[WHAT IS NEEDED] Print the data below exactly, but only the lines from the one containing "Lemma reduced_padded : reduced psi." down to the one containing "exists (padded_pal_psi J", inclusive.

[Collected data entries]
▬▬▬▬▬▬▬▬▬▬

Lemma first_t_uniq (psi : nat -> nat + A) J m1 m2 :
  first_t psi J m1 -> first_t psi J m2 -> m1 = m2.
Proof.
move=> [le_J1 t_1 before_1] [le_J2 t_2 before_2].
case: (ltngtP m1 m2) => // [lt_12|lt_21].
- by case: (before_2 m1); rewrite ?le_J1.
- by case: (before_1 m2); rewrite ?le_J2.
Qed.

(* [inl i.-1] keeps [i] out of (t_k): below [J] only [1] and [J.-1] are in it. *)
Definition padded_pal_psi (J : nat) (c_last c_first : A) (i : nat) : nat + A :=
  if J <= i then pal_psi i
  else if i == J.-1 then inr c_last
  else if i == 1 then inr c_first
  else inl i.-1.

Section Padding.
Variables (J : nat) (c_last c_first : A).
Hypotheses (J_gt0 : 0 < J) (step_le : forall i, J <= i -> n i.+1 <= 2 * n i + 1).
Hypothesis first_neq_last : 2 < J -> c_first <> c_last.
Hypothesis last_fresh : 2 <= J ->
  forall m a, first_t pal_psi J m -> pal_psi m = inr a -> c_last <> a.
Local Notation psi := (padded_pal_psi J c_last c_first).

Lemma padded_pal_psi_tail i : J <= i -> psi i = pal_psi i.
Proof. by rewrite /padded_pal_psi => ->. Qed.

Lemma in_t_padded_tail j : J <= j -> in_t psi j <-> in_t pal_psi j.
Proof. by move=> le_Jj; rewrite /in_t padded_pal_psi_tail. Qed.

Lemma padded_pal_psi_last : psi J.-1 = inr c_last.
Proof. by rewrite /padded_pal_psi leqNgt ltn_predL J_gt0 eqxx. Qed.

Lemma padded_pal_psi_first : 2 < J -> psi 1 = inr c_first.
Proof.
move=> J_gt2; rewrite /padded_pal_psi.
by case: leqP => [|_]; [lia | case: eqP => [|_]; [lia | rewrite eqxx]].
Qed.

Lemma in_t_padded_last : 2 <= J -> in_t psi J.-1.
Proof. by move=> J_ge2; rewrite /in_t padded_pal_psi_last; split=> //; lia. Qed.

Lemma in_t_padded_head j : j < J -> in_t psi j -> j = 1 \/ j = J.-1.
Proof.
move=> lt_jJ; rewrite /in_t /padded_pal_psi (leqNgt J j) lt_jJ /=.
case: eqP => [->|_]; first by right.
by case: eqP => [->|_]; [left | case=> j_gt0 /andP[_]; lia].
Qed.

Lemma is_function_padded : is_function psi.
Proof.
move=> i i_gt0; case: (leqP J i) => [le_Ji|lt_iJ].
  rewrite padded_pal_psi_tail //; case E: (pal_psi i) => [p|//].
  by have [] := pal_psi_inl i_gt0 (step_le le_Ji) E; lia.
rewrite /padded_pal_psi leqNgt lt_iJ /=.
by case: eqP => // _; case: eqP => // ne_i1; lia.
Qed.

Lemma padded_block m m' :
  consecutive_t psi m m' -> J <= m' ->
  J.-1 <= m /\ forall j, m < j < m' -> n j.+1 + n j.-1 = 2 * n j.
Proof.
case=> lt_mm' [m_gt0 _] _ between le_Jm'.
have le_m : J.-1 <= m.
  rewrite leqNgt; apply/negP => lt_m.
  by apply: (between J.-1); [lia | apply: in_t_padded_last; lia].
split=> // j /andP[lt_mj lt_jm']; have le_Jj : J <= j by lia.
apply: (pal_psi_not_t _ (step_le le_Jj)); first lia.
by rewrite -in_t_padded_tail //; apply: between; lia.
Qed.

Lemma reduced_padded_head m m' :
  consecutive_t psi m m' -> m' < J ->
  psi m' <> psi m /\ match psi m' with inl p => p < m | inr _ => true end.
Proof.
case=> lt_mm' t_m t_m' _ lt_m'J.
have m'E : m' = J.-1 by case: (in_t_padded_head lt_m'J t_m'); case: t_m; lia.
have mE : m = 1 by case: (in_t_padded_head (ltn_trans lt_mm' lt_m'J) t_m); lia.
rewrite m'E mE padded_pal_psi_last padded_pal_psi_first; last by lia.
by split=> // -[/esym]; apply: first_neq_last; lia.
Qed.

Section Tail.
Variables m m' : nat.
Hypotheses (cons : consecutive_t psi m m') (le_Jm' : J <= m').

Lemma padded_back_reference p :
  pal_psi m' = inl p -> p < m /\ psi m <> inl p.
Proof.
move=> E'; have [lt_mm' [m_gt0 _] t_m' _] := cons.
have [le_m block] := padded_block cons le_Jm'.
have step_m := pal_lengths_step m_gt0.
have [p_gt0 _ Ep] := pal_psi_inl (ltn_trans m_gt0 lt_mm') (step_le le_Jm') E'.
have le_p : p <= m'.-2.
  by move: t_m'; rewrite /in_t padded_pal_psi_tail // E' => -[_ /andP[]].
split.
  rewrite ltnNge; apply/negP => le_mp.
  by apply: (no_block_back_reference m_gt0 lt_mm' step_m block le_mp _ Ep); lia.
case: (leqP J m) => [le_Jm|lt_mJ]; last first.
  by rewrite (_ : m = J.-1) ?padded_pal_psi_last; last lia.
rewrite padded_pal_psi_tail // => Em.
have [_ _ Epm] := pal_psi_inl m_gt0 (step_le le_Jm) Em.
exact: (no_block_repeated_reference m_gt0 lt_mm' step_m block Epm Ep).
Qed.

Lemma padded_letter a : pal_psi m' = inr a -> psi m <> inr a.
Proof.
move=> E'; have [lt_mm' [m_gt0 _] t_m' between] := cons.
have [le_m block] := padded_block cons le_Jm'.
have [step_m' Ea] := pal_psi_inr E'; subst a.
case: (leqP J m) => [le_Jm|lt_mJ].
  rewrite padded_pal_psi_tail // => Em.
  have [step_mm Ew] := pal_psi_inr Em.
  exact: (block_letter_neq m_gt0 lt_mm' (pal_lengths_step m_gt0) block step_mm step_m' Ew).
rewrite (_ : m = J.-1) ?padded_pal_psi_last; last by lia.
case=> Ew; apply: (last_fresh _ _ E') Ew; first lia.
split=> //; first by rewrite -in_t_padded_tail.
by move=> j le_Jj_m'; rewrite -in_t_padded_tail; [apply: between | ]; lia.
Qed.

End Tail.

Lemma reduced_padded : reduced psi.
Proof.
split=> [|m m' cons]; first exact: is_function_padded.
have [lt_m'J|le_Jm'] := ltnP m' J.
  exact: reduced_padded_head.
rewrite padded_pal_psi_tail //; case E': (pal_psi m') => [p|a].
  by have [lt_pm ne_p] := padded_back_reference cons le_Jm' E'; split=> // /esym.
by split=> // /esym /(padded_letter cons le_Jm' E').
Qed.

End Padding.

Lemma exists_reduced_padding J :
  0 < J -> (forall i, J <= i -> n i.+1 <= 2 * n i + 1) ->
  (2 <= J -> exists a b : A, a <> b) ->
  exists psi, reduced psi /\ forall i, J <= i -> psi i = pal_psi i.
Proof.
move=> J_gt0 step_le two_letters.
suff [c_last [c_first [first_neq_last last_fresh]]] : exists c_last c_first,
    (2 < J -> c_first <> c_last) /\
    (2 <= J -> forall m a, first_t pal_psi J m -> pal_psi m = inr a -> c_last <> a).
  exists (padded_pal_psi J c_last c_first); split; last exact: padded_pal_psi_tail.
  exact: reduced_padded.
have [J_ge2|lt_J2] := leqP 2 J; last by exists (w 0), (w 0); split=> ?; lia.
have [a [b ne_ab]] := two_letters J_ge2.
have other x : exists y : A, y <> x.
  by case: (classic (a = x)) => [<-|ne_ax]; [exists b => /esym | exists a].
have [c_last last_fresh] : exists c, forall m a,
    first_t pal_psi J m -> pal_psi m = inr a -> c <> a.
  case: (classic (exists m a, first_t pal_psi J m /\ pal_psi m = inr a)).
    move=> [m0 [a0 [first_m0 E0]]]; have [c ne_c] := other a0.
    by exists c => m a1 first_m E; move: E; rewrite (first_t_uniq first_m first_m0) E0 => -[<-].
  by move=> none; exists a => m a1 first_m E; case: none; exists m, a1.
have [c_first ne_first] := other c_last.
by exists c_last, c_first.
Qed.

Lemma pal_lengths_const :
  (forall x, w x = w 0) -> forall i, 1 <= i -> n i.+1 <= 2 * n i + 1.
Proof.
move=> const i i_gt0.
have : palindrome (Defs.prefix w (n i).+1).
  by apply/palindrome_prefixP => x _; rewrite !const.
case/pal_lengthP=> j j_gt0 Ej.
have : i < j by rewrite -ltn_pal_lengths // Ej.
by rewrite -(leq_pal_lengths (leqW i_gt0) j_gt0) Ej; lia.
Qed.

Lemma exists_reduced_pal_psi i0 :
  (forall i, 1 <= i -> i0 <= i -> n i.+1 <= 2 * n i + 1) ->
  exists psi, reduced psi /\ forall i, 1 <= i -> i0 <= i -> psi i = pal_psi i.
Proof.
move=> step_le; case: (classic (exists x, w x <> w 0)) => [[x ne_x]|const].
  have [|||psi [red tail]] := exists_reduced_padding (J := maxn i0 1).
  - by rewrite leq_max orbT.
  - by move=> i; rewrite geq_max => /andP[? ?]; apply: step_le.
  - by move=> _; exists (w x), (w 0).
  by exists psi; split=> // i i_gt0 le_i0i; apply: tail; rewrite geq_max le_i0i.
have const_w x : w x = w 0 by apply: NNPP => ne_x; apply: const; exists x.
have [//|psi [red tail]] :=
  exists_reduced_padding (ltn0Sn 0) (pal_lengths_const const_w).
by exists psi; split=> // i i_gt0 _; apply: tail.
Qed.

End PalindromicLengths.

Theorem proposition6p1 (A : Type) (w : nat -> A) (n : nat -> nat)
    (Hinf : inf_pal_prefixes w) (Hn : pal_lengths_enum w n) (i0 : nat) :
  (forall i, 1 <= i -> i0 <= i -> n i.+1 <= 2 * n i + 1) <->
  (exists psi : nat -> nat + A, reduced psi /\
     forall i, 1 <= i -> i0 <= i ->
       (exists a, psi i = inr a /\
          pal_prefix w n i.+1 = pal_prefix w n i ++ a :: pal_prefix w n i) \/
       (exists p, psi i = inl p /\
          exists b, pal_prefix w n i = pal_prefix w n p ++ b /\
                    pal_prefix w n i.+1 = pal_prefix w n i ++ b)).
Proof.
split=> [step_le|[psi [_ psi_step]] i i_gt0 le_i0i].
- have [psi [red tail]] := exists_reduced_pal_psi Hn step_le.
  exists psi; split=> // i i_gt0 le_i0i; rewrite tail //.
  exact: (pal_psi_spec Hn i_gt0 (step_le i i_gt0 le_i0i)).
- have size_pi j : size (pal_prefix w n j) = n j by rewrite size_mkseq.
  case: (psi_step i i_gt0 le_i0i) => [[a [_ E]]|[p [_ [b [E1 E2]]]]].
  + by move/(congr1 size): E; rewrite size_cat /= !size_pi; lia.
  + move/(congr1 size): E1; move/(congr1 size): E2.
    by rewrite !size_cat !size_pi; lia.
Qed.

▬▬▬▬▬▬▬▬▬▬

[ANSWER SECTION]
Lemma reduced_padded : reduced psi.
Proof.
split=> [|m m' cons]; first exact: is_function_padded.
have [lt_m'J|le_Jm'] := ltnP m' J.
  exact: reduced_padded_head.
rewrite padded_pal_psi_tail //; case E': (pal_psi m') => [p|a].
  by have [lt_pm ne_p] := padded_back_reference cons le_Jm' E'; split=> // /esym.
by split=> // /esym /(padded_letter cons le_Jm' E').
Qed.

End Padding.

Lemma exists_reduced_padding J :
  0 < J -> (forall i, J <= i -> n i.+1 <= 2 * n i + 1) ->
  (2 <= J -> exists a b : A, a <> b) ->
  exists psi, reduced psi /\ forall i, J <= i -> psi i = pal_psi i.
Proof.
move=> J_gt0 step_le two_letters.
suff [c_last [c_first [first_neq_last last_fresh]]] : exists c_last c_first,
    (2 < J -> c_first <> c_last) /\
    (2 <= J -> forall m a, first_t pal_psi J m -> pal_psi m = inr a -> c_last <> a).
  exists (padded_pal_psi J c_last c_first); split; last exact: padded_pal_psi_tail.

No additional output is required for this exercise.